The rare, exceptional evil nurse

I'm the kind of guy who gets along pretty much with anyone. If you can't get along with me, chances are there's something wrong with you.  My parents pretty much inculcated into my head that things go so much smoother when, even during the toughest times, you are calm, cool, and polite.

I find that most of the people I work with treat me as I treat them: with respect and dignity.  On the few occasions I get irritated and show it, I generally apologize by bringing in cookies or some kind of treats.  Although it's rare that I need to do this.  Most of the people I work with are the same way: kind and generous.

As a rule of thumb, you almost have to be this way in order to work in a hospital.  However, for every rule, there is a person who breaks it.  We have one nurse that is very rude to patients.  I had this one patient say to me: "I hate that nurse."

He was surprised by my response:  "I don't really like her either."

We shared a good laugh and a good discussion.

This one nurse is rude, rude, rude.  If I could name her I would.  The fact that she's been divorced five times should say a lot about her.

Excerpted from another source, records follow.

Lemma cosh_add_cos_mul_cos_pow m n x a j : (0 < n)%nat -> (1 <= j <= n)%nat ->
  cosh (a / 2) = x / cos (theta n j) - cos (theta n j) ->
  (cosh (INR m * a) + cos (INR m * PI * (2 * INR j - 1) / (2 * INR n)))
    * prod1 m (fun _ => cos (theta n j) ^ 2)
  = 2 * 4 ^ Nat.pred m * prod1 m (fun k => cross_factor x (cos (theta n j) ^ 2) (cos (theta m k) ^ 2)).
Proof.
  intros hn hj ha.
  assert (0 < INR n) by (apply lt_0_INR; lia).
  pose proof (cos_theta_gt0 n j hj) as hc.
  assert (Hterm : cosh (INR m * a) + cos (INR m * PI * (2 * INR j - 1) / (2 * INR n))
    = 2 * (cosh_cos (a / 2) (theta n j) m ^ 2 + sinh_sin (a / 2) (theta n j) m ^ 2)).
  { unfold cosh_cos, sinh_sin. rewrite sqr_cosh_cos_add_sqr_sinh_sin.
    replace (2 * (INR m * (a / 2))) with (INR m * a) by field.
    replace (2 * (INR m * theta n j)) with (INR m * PI * (2 * INR j - 1) / (2 * INR n))
      by (unfold theta; field; lra).
    field. }
  rewrite Hterm, sqr_cosh_cos_prod.
  transitivity (2 * 4 ^ Nat.pred m * prod1 m (fun k =>
    cos (theta n j) ^ 2 * ((cosh_cos (a / 2) (theta n j) 1 - cos (2 * theta m k)) ^ 2
             + sinh_sin (a / 2) (theta n j) 1 ^ 2))).
  { rewrite prod1_mul. ring. }
  f_equal. apply prod1_ext. intros k _.
  unfold cosh_cos, sinh_sin. rewrite !Rmult_1_l, cos_2a_cos.
  replace (2 * cos (theta m k) * cos (theta m k)) with (2 * cos (theta m k) ^ 2) by ring.
  apply cross_factor_eq.
  - lra.
  - exact ha.
  - pose proof (cosh_sq_sub_sinh_sq (a / 2)). lra.
  - pose proof (sin2_cos2 (theta n j)). unfold Rsqr in *. lra.
Qed.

The other day I left the EKG stickers on a patient, something I rarely, if ever do.  She said, bluntly:
"At this hospital we take stickers off patients."
She said once after I said albuterol is not indicated when a patient is not short of breath:
"See, that patient coughed.  That's why you give the treatment.  You need to just listen to the doctor and do what you are told." 
Today I asked a question:  "Hey, who has the patient in room 21?"

She said:
"Let's make this a teaching moment.  The tracker is right here.  All you have to do is look at it."
Tired of her poor behavior, I chimed:
"You don't have to be rude."
The neat thing was there were three other nurses right there that heard her be rude to me.  Later on one of those nurses came to me and said:
"I just want you to know that the rest of us love working with you."
I said:
"I appreciate it."  
We both smiled, and went happily about our business.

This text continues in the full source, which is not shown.